For instance, a user of client 120A may, via an interface provided
by TAP components 322, may provide input seeking all affinities
relating to home improvement transactions. TAP components 322 may
perform a process that analyzes the request to associate it with a
category value (e.g., CAT 100). Alternatively, TAP components 322
may generate a request that is transmitted to transaction affinity
platform 110, and provided to TAP components 222 to analyze and
determine the category value. In other examples, a similar type of
request may be provided by merchant 130, and processed in kind by
TAP components 422, or by a user interfacing with transaction
affinity platform 110.
[0150] Based on the identified category, in one example, TAP
components 222 may collect transaction affinity relationship
information for merchant chains that match the category request
(Step 1932) and provide affinity relationship information for the
category request (Step 1934). For example, TAP components 222 may
generate merchant affinity relationship information that may be
used by one or more processes performed by transaction affinity
platform 110, TAP components 222, client 120, and/or merchant 130,
depending on the source of the request. In one example, TAP
components 222 may generate a category response that may be
transmitted to client 120A, which performs processes for generating
and providing the merchant affinity relationship information for
the requested category request in an interface displayed by client
120A (Step 1924). The merchant affinity relationship information
interface may present the information in list format or graphical
format (e.g., displaying information reflecting the merchant
affinity relationships involving merchant chain category CAT00,
such as affinity information relating the merchant chains involving
CAT 100, as exemplified in store 1820).
[0151] The disclosed implementations may also perform processes
that permit adjusting merchant recommendation information based one
or more parameters, conditions, or other types of information that
may change recommendations determined in accordance with the
merchant recommendation processes disclosed above. For example, the
disclosed implementations may analyze information associated with
the location of client 120 associated with a user account holder
and the location of one or more potential next merchants determined
by the merchant recommendation process disclosed above (e.g., Step
1420). For example, transaction affinity platform 110 may receive
location information reflecting the current location of client 120.

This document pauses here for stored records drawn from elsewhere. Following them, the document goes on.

(* Let $\mathcal{G}_R(\mathcal{N}_R,\mathcal{E}_R)$ be an R-graph rooted at $n_{dst}$ with ingress points $\mathcal{M}$, and let $\mathcal{G}'_R$ be the graph obtained from it by the shortest-path transformation described in the context. Let $f$ and $f'$ be the certain routing functions computed on $\mathcal{G}_R$ and $\mathcal{G}'_R$ respectively. Then $\{i\in\mathcal{N}_R: f(i)\neq 0\}\subseteq\{i\in\mathcal{N}_R: f'(i)\neq 0\}$, i.e., applying the transformation can only increase (not decrease) the set of nodes with certain routes.
   Context: An R-graph is a directed acyclic graph $\mathcal{G}_R(\mathcal{N}_R,\mathcal{E}_R)$ rooted at a destination node $n_{dst}$; an edge $j\to i$ means $i$ may use the routing path learned from its parent $j$; $P_i=\{j:e_{ji}\in\mathcal{E}_R\}$. $n_{dst}$ has a finite set $\mathcal{M}$ of ingress points, and each child of $n_{dst}$ is attached to exactly one ingress point. Certain routing function $f:\mathcal{N}_R\to\mathcal{M}\cup\{0\}$ on a given R-graph: for children $i$ of $n_{dst}$, $f(i)$ is their ingress point; visiting the remaining nodes (other than $n_{dst}$) in a topological order, let $CR_i=\{f(j):j\in P_i\}$; set $f(i)=0$ if $0\in CR_i$ or $|CR_i|\neq 1$, and otherwise set $f(i)$ to the unique element of $CR_i$. Shortest-path transformation: set $L_{n_{dst}}=0$ and $L_i=\infty$ for all other nodes; visiting the nodes other than $n_{dst}$ in a topological order, set $L_i=\min\{L_i,\min_{j\in P_i}(L_j+1)\}$ and then remove from $\mathcal{E}_R$ every edge $j\to i$ with $L_j+1>L_i$. *)

From mathcomp Require Import all_boot.
Set Implicit Arguments. Unset Strict Implicit. Unset Printing Implicit Defensive.

(* Nodes form a finite type T. A graph is an edge relation E : rel T, where
   E j i means there is an edge j -> i (j is a parent of i). *)

Section RGraph.
Variable T : finType.

Definition topo_order (E : rel T) (s : seq T) : Prop :=
  perm_eq s (enum T) /\ (forall j i, E j i -> index j s < index i s).

Definition is_Rgraph (E : rel T) (dst : T) : Prop :=
  [/\ exists s, topo_order E s,
      forall i, ~~ E i dst &
      forall i, connect E dst i].

Variable M : eqType.   (* ingress points; None encodes the value 0 *)

Definition cr_step (E : rel T) (dst : T) (g : T -> option M) (i : T)
  : T -> option M :=
  if (i == dst) || E dst i then g else
  let CR := undup [seq g j | j <- enum T & E j i] in
  let v := match CR with [:: Some m] => Some m | _ => None end in
  fun x => if x == i then v else g x.

Definition certain_route (E : rel T) (dst : T) (ing : T -> M) (s : seq T)
  : T -> option M :=
  foldl (cr_step E dst)
        (fun i => if E dst i then Some (ing i) else None) s.

(* extended naturals: None = infinity *)
Definition succx (a : option nat) : option nat := omap S a.
Definition minx (a b : option nat) : option nat :=
  match a, b with
  | Some x, Some y => Some (minn x y)
  | Some x, None => Some x
  | None, b => b
  end.
Definition ltx (a b : option nat) : bool :=
  match a, b with
  | Some x, Some y => x < y
  | Some _, None => true
  | None, _ => false
  end.

Definition sp_step (dst : T) (st : (T -> option nat) * rel T) (i : T)
  : (T -> option nat) * rel T :=
  let: (L, E) := st in
  if i == dst then (L, E) else
  let Li := minx (L i) (foldr minx None [seq succx (L j) | j <- enum T & E j i]) in
  let L' := fun x => if x == i then Li else L x in
  let E' := fun a b => E a b && ~~ ((b == i) && ltx (L' b) (succx (L' a))) in
  (L', E').

Definition sp_transform (E : rel T) (dst : T) (s : seq T) : rel T :=
  (foldl (sp_step dst)
         ((fun i => if i == dst then Some 0 else None), E) s).2.

End RGraph.

From mathcomp Require Import all_boot.
Set Implicit Arguments. Unset Strict Implicit. Unset Printing Implicit Defensive.

(* The transformation only deletes edges, never detaches a node from the root's
   children, and leaves every node other than dst with at least one parent: the
   one realising its shortest-path label.  Since a node's certain route is
   determined by its parents, and the surviving parents of a certain node are
   (inductively, along a topological order of the new graph) certain with the
   same ingress point, every certain node stays certain. *)

Section TopologicalOrder.
Variable T : finType.

Lemma topo_order_split (E : rel T) s x : topo_order E s ->
  exists p1 p2, [/\ s = p1 ++ x :: p2, x \notin p1, x \notin p2 &
                    forall j, E j x -> j \notin x :: p2].
Proof.
case=> perm_s lt_s.
have xs : x \in s by rewrite (perm_mem perm_s) mem_enum.
have: uniq s by rewrite (perm_uniq perm_s) enum_uniq.
move: lt_s; case/splitPr: xs => p1 p2 lt_s.
rewrite cat_uniq => /and3P[_ disj /andP[xNp2 _]].
have xNp1 : x \notin p1 by apply: contra disj => xp1; apply/hasP; exists x; rewrite ?inE ?eqxx.
exists p1, p2; split=> // j /lt_s; rewrite !index_cat (negbTE xNp1) /= eqxx addn0.
case: ifP => [jp1 _ | _]; last by rewrite ltnNge leq_addr.
by apply: contra disj => jx; apply/hasP; exists j.
Qed.

Lemma topo_order_irrefl (E : rel T) s x : topo_order E s -> ~~ E x x.
Proof. by case=> _ lt_s; apply/negP => /lt_s; rewrite ltnn. Qed.

Lemma connect_neq_parent (E : rel T) r x :
  connect E r x -> x != r -> exists j, E j x.
Proof.
case/connectP=> p; case/lastP: p => [|p y] /= ; first by move=> _ ->; rewrite eqxx.
by rewrite rcons_path last_rcons => /andP[_ ejy] -> _; exists (last r p).
Qed.

End TopologicalOrder.

Section CertainRoute.
Variables (T : finType) (M : eqType).

Definition certain_value (l : seq (option M)) : option M :=
  if undup l is [:: Some m] then Some m else None.

Lemma certain_value_Some l m x :
  certain_value l = Some m -> x \in l -> x = Some m.
Proof.
rewrite /certain_value -mem_undup.
by case: (undup l) => [|[m'|] [|? ?]] // [<-]; rewrite inE => /eqP.
Qed.

Lemma certain_value_const l m :
  Some m \in l -> {in l, forall x, x = Some m} -> certain_value l = Some m.
Proof.
move=> ml const_l; rewrite /certain_value (@perm_small_eq _ (undup l) [:: Some m]) //.
apply: uniq_perm => // [|x]; first exact: undup_uniq.
by rewrite mem_undup inE; apply/idP/eqP => [/const_l | ->].
Qed.

Variables (E : rel T) (dst : T) (ing : T -> M).

Lemma cr_step_neq (g : T -> option M) i y : y != i -> cr_step E dst g i y = g y.
Proof. by move=> /negbTE yNi; rewrite /cr_step; case: ifP => //= _; rewrite yNi. Qed.

Lemma foldl_cr_step_notin (g : T -> option M) q y :
  y \notin q -> foldl (cr_step E dst) g q y = g y.
Proof.
elim: q g => //= i q IHq g; rewrite inE negb_or => /andP[yNi yNq].
by rewrite IHq // cr_step_neq.
Qed.

Lemma certain_routeE s x : topo_order E s ->
  certain_route E dst ing s x =
    if E dst x then Some (ing x) else if x == dst then None
    else certain_value [seq certain_route E dst ing s j | j <- enum T & E j x].
Proof.
move=> topo_s; have [p1 [p2 [-> xNp1 xNp2 parentsNp2]]] := topo_order_split x topo_s.
set g := foldl (cr_step E dst) (fun i => if E dst i then Some (ing i) else None) p1.
have route_parent j : E j x -> certain_route E dst ing (p1 ++ x :: p2) j = g j.
  by move=> /parentsNp2 jNp2; rewrite /certain_route foldl_cat foldl_cr_step_notin.
rewrite {1}/certain_route foldl_cat /= foldl_cr_step_notin // -/g /cr_step.
have gx : g x = if E dst x then Some (ing x) else None by rewrite /g foldl_cr_step_notin.
case: (E dst x) gx => gx; first by rewrite orbT.
rewrite orbF; case: eqP => // _ /=; rewrite eqxx.
congr certain_value; apply/esym/eq_in_map => j.
by rewrite mem_filter => /andP[/route_parent].
Qed.

End CertainRoute.

Section CertainRouteSubgraph.
Variables (T : finType) (M : eqType) (dst : T) (ing : T -> M).
Variables (E E' : rel T) (s s' : seq T).
Hypotheses (topo_s : topo_order E s) (topo_s' : topo_order E' s').
Hypothesis sub_E' : forall a b, E' a b -> E a b.
Hypothesis dst_child_E' : forall i, E dst i -> E' dst i.
Hypothesis parent_E' : forall i, i != dst -> exists j, E' j i.

Lemma certain_route_subgraph i m :
  certain_route E dst ing s i = Some m -> certain_route E' dst ing s' i = Some m.
Proof.
have [n] := ubnP (index i s'); elim: n i m => // n IHn i m lt_i_n.
rewrite (certain_routeE _ _ _ topo_s) (certain_routeE _ _ _ topo_s').
case: (boolP (E dst i)) => [/dst_child_E' -> // | NEdi].
have -> : E' dst i = false by apply/negbTE; apply: contra NEdi; apply: sub_E'.
case: eqP => // /eqP iNdst route_i.
have route_parents j : E' j i -> certain_route E' dst ing s' j = Some m.
  move=> E'ji; apply: IHn; first exact: leq_trans (topo_s'.2 _ _ E'ji) lt_i_n.
  by apply: certain_value_Some route_i _; rewrite map_f // mem_filter sub_E' ?mem_enum.
have [j0 E'j0i] := parent_E' iNdst.
apply: certain_value_const => [|y /mapP[j]].
  by rewrite -(route_parents j0) // map_f // mem_filter E'j0i mem_enum.
by rewrite mem_filter => /andP[/route_parents <- _] ->.
Qed.

End CertainRouteSubgraph.

Section ShortestPathTransform.
Variables (T : finType) (dst : T).

Definition min_succ_parents (L : T -> option nat) (E : rel T) (x : T) : option nat :=
  foldr minx None [seq succx (L j) | j <- enum T & E j x].

Lemma foldr_minx_mem l k : foldr minx None l = Some k -> Some k \in l.
Proof.
elim: l k => //= [[x|] l IHl] k; rewrite inE; last by move/IHl ->; rewrite orbT.
case min_l: (foldr minx None l) => [y|] [<-]; last by rewrite eqxx.
by case: leqP; rewrite ?eqxx // (IHl _ min_l) orbT.
Qed.

Lemma sp_step_other st i y : (y == dst) || (y != i) ->
  (sp_step dst st i).1 y = st.1 y /\ forall a, (sp_step dst st i).2 a y = st.2 a y.
Proof.
case: st => L E y_other; rewrite /sp_step; case: eqP => [// | /eqP iNdst] /=.
have /negbTE -> : y != i by case/orP: y_other => // /eqP ->; rewrite eq_sym.
by split=> // a; rewrite andbT.
Qed.

Lemma foldl_sp_step_other q st y : (y == dst) || (y \notin q) ->
  (foldl (sp_step dst) st q).1 y = st.1 y /\
  forall a, (foldl (sp_step dst) st q).2 a y = st.2 a y.
Proof.
elim: q st => [|i q IHq] st //=; rewrite inE negb_or => y_other.
have y_other_q : (y == dst) || (y \notin q) by case/orP: y_other => [-> | /andP[_ ->]]; rewrite ?orbT.
have y_other_i : (y == dst) || (y != i) by case/orP: y_other => [-> | /andP[-> _]]; rewrite ?orbT.
have [L1 E1] := IHq (sp_step dst st i) y_other_q.
have [L2 E2] := sp_step_other st y_other_i.
by split=> [|a]; rewrite ?L1 ?L2 ?E1 ?E2.
Qed.

Lemma sp_transform_sub E s a b : sp_transform E dst s a b -> E a b.
Proof.
rewrite /sp_transform; set st := (_, E); rewrite -[E]/st.2; clearbody st.
elim: s st => //= i s IHs [L E'] /IHs.
by rewrite /sp_step; case: eqP => //= _ /andP[].
Qed.

(* [L] is the labelling at the moment [x] is visited: the edges into [x] are
   decided then and never touched again. *)
Lemma sp_transform_in_edges E s x : topo_order E s -> x != dst ->
  exists L, L dst = Some 0 /\ forall a, a != x ->
    sp_transform E dst s a x = E a x && ~~ ltx (min_succ_parents L E x) (succx (L a)).
Proof.
move=> topo_s xNdst; have [p1 [p2 [-> xNp1 xNp2 _]]] := topo_order_split x topo_s.
rewrite /sp_transform foldl_cat.
set st0 := (_, E).
have [L_x E_x] := foldl_sp_step_other st0 (introT orP (or_intror xNp1)).
have [L_dst _] := foldl_sp_step_other (q := p1) st0 (introT orP (or_introl (eqxx dst))).
case: (foldl _ st0 p1) L_x E_x L_dst => L E1 L_x E_x L_dst.
rewrite /= (negbTE xNdst) in L_x E_x; rewrite /= eqxx in L_dst.
exists L; split=> // a aNx.
have [_ ->] := foldl_sp_step_other (sp_step dst (L, E1) x) (introT orP (or_intror xNp2)).
rewrite /sp_step (negbTE xNdst) /= eqxx L_x (negbTE aNx) E_x.
by congr (_ && ~~ ltx (foldr _ _ (map _ _)) _); apply: eq_filter => j; rewrite E_x.
Qed.

Lemma sp_transform_dst_child E s x :
  topo_order E s -> E dst x -> sp_transform E dst s dst x.
Proof.
move=> topo_s E_dst_x.
have xNdst : x != dst by apply: contraTneq E_dst_x => ->; apply: topo_order_irrefl topo_s.
have [L [L_dst ->]] := sp_transform_in_edges topo_s xNdst; last by rewrite eq_sym.
rewrite E_dst_x L_dst /min_succ_parents.
case min_x: (foldr _ _ _) => [[|k]|] //.
by have /mapP[j _] := foldr_minx_mem min_x; case: (L j).
Qed.

Lemma sp_transform_parent E s x : topo_order E s -> x != dst ->
  (exists j, E j x) -> exists j, sp_transform E dst s j x.
Proof.
move=> topo_s xNdst [j0 E_j0_x].
have parentNx j : E j x -> j != x.
  by move=> E_j_x; apply: contraTneq E_j_x => ->; apply: topo_order_irrefl topo_s.
have [L [_ in_edges]] := sp_transform_in_edges topo_s xNdst.
case min_x: (min_succ_parents L E x) => [k|].
  have /mapP[j] := foldr_minx_mem min_x.
  rewrite mem_filter => /andP[E_j_x _] succ_j.
  by exists j; rewrite in_edges ?parentNx // E_j_x min_x -succ_j /= ltnn.
by exists j0; rewrite in_edges ?parentNx // E_j0_x min_x.
Qed.

End ShortestPathTransform.

Theorem theorem3p4 (T : finType) (M : finType) (E : rel T) (dst : T)
    (ing : T -> M) (s s_sp s' : seq T) :
  is_Rgraph E dst ->
  topo_order E s ->
  topo_order E s_sp ->
  topo_order (sp_transform E dst s_sp) s' ->
  forall i : T,
    certain_route E dst ing s i != None ->
    certain_route (sp_transform E dst s_sp) dst ing s' i != None.
Proof.
case=> _ _ reach_dst topo_s topo_sp topo_s' i.
case route_i: (certain_route E dst ing s i) => [m|] // _.
rewrite (certain_route_subgraph topo_s topo_s' _ _ _ route_i) //.
- exact: sp_transform_sub.
- by move=> x; apply: sp_transform_dst_child.
- by move=> x xNdst; apply: sp_transform_parent; last exact: connect_neq_parent.
Qed.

In one aspect, transaction affinity platform 110 may receive the
location information from client 120 in response to a request from
transaction affinity platform 110 to client 120 for current
location information. Alternatively, TAP components 322 in client
120 may perform processes that determines the location of client
120 (e.g., requests and receives information from other software
executing on client 120 (e.g., GPS location tracking software,
etc.) or performs processes to request and receive location
information for client 120 from an external location provisioning
service, etc.). Once determined, TAP components 322 may generate
and send a message (e.g., push communication) to transaction
affinity platform 110. Alternatively, or in addition, transaction
affinity platform 110 may determine a location of client 120 based
on analysis of the last monitored transaction from the transaction
affinity data collected and analyzed consistent with the above
disclosed processes (e.g., merchant location field (770) described
above in connection with FIG. 7). Based on the location of the last
merchant in the transaction event transaction and/or location of
client 120, and the location of the one or more potential next
merchant(s) (e.g., Step 1420), transaction affinity platform 110
may determine and provide a merchant recommendation that identifies
a merchant that is within a threshold distance of the user/last
merchant transaction location (e.g., within 1/2 mile, within 1
mile, within 5 miles, within a certain location area maintained by
the information stores disclosed above (e.g., LOCA, LOC B3, etc.).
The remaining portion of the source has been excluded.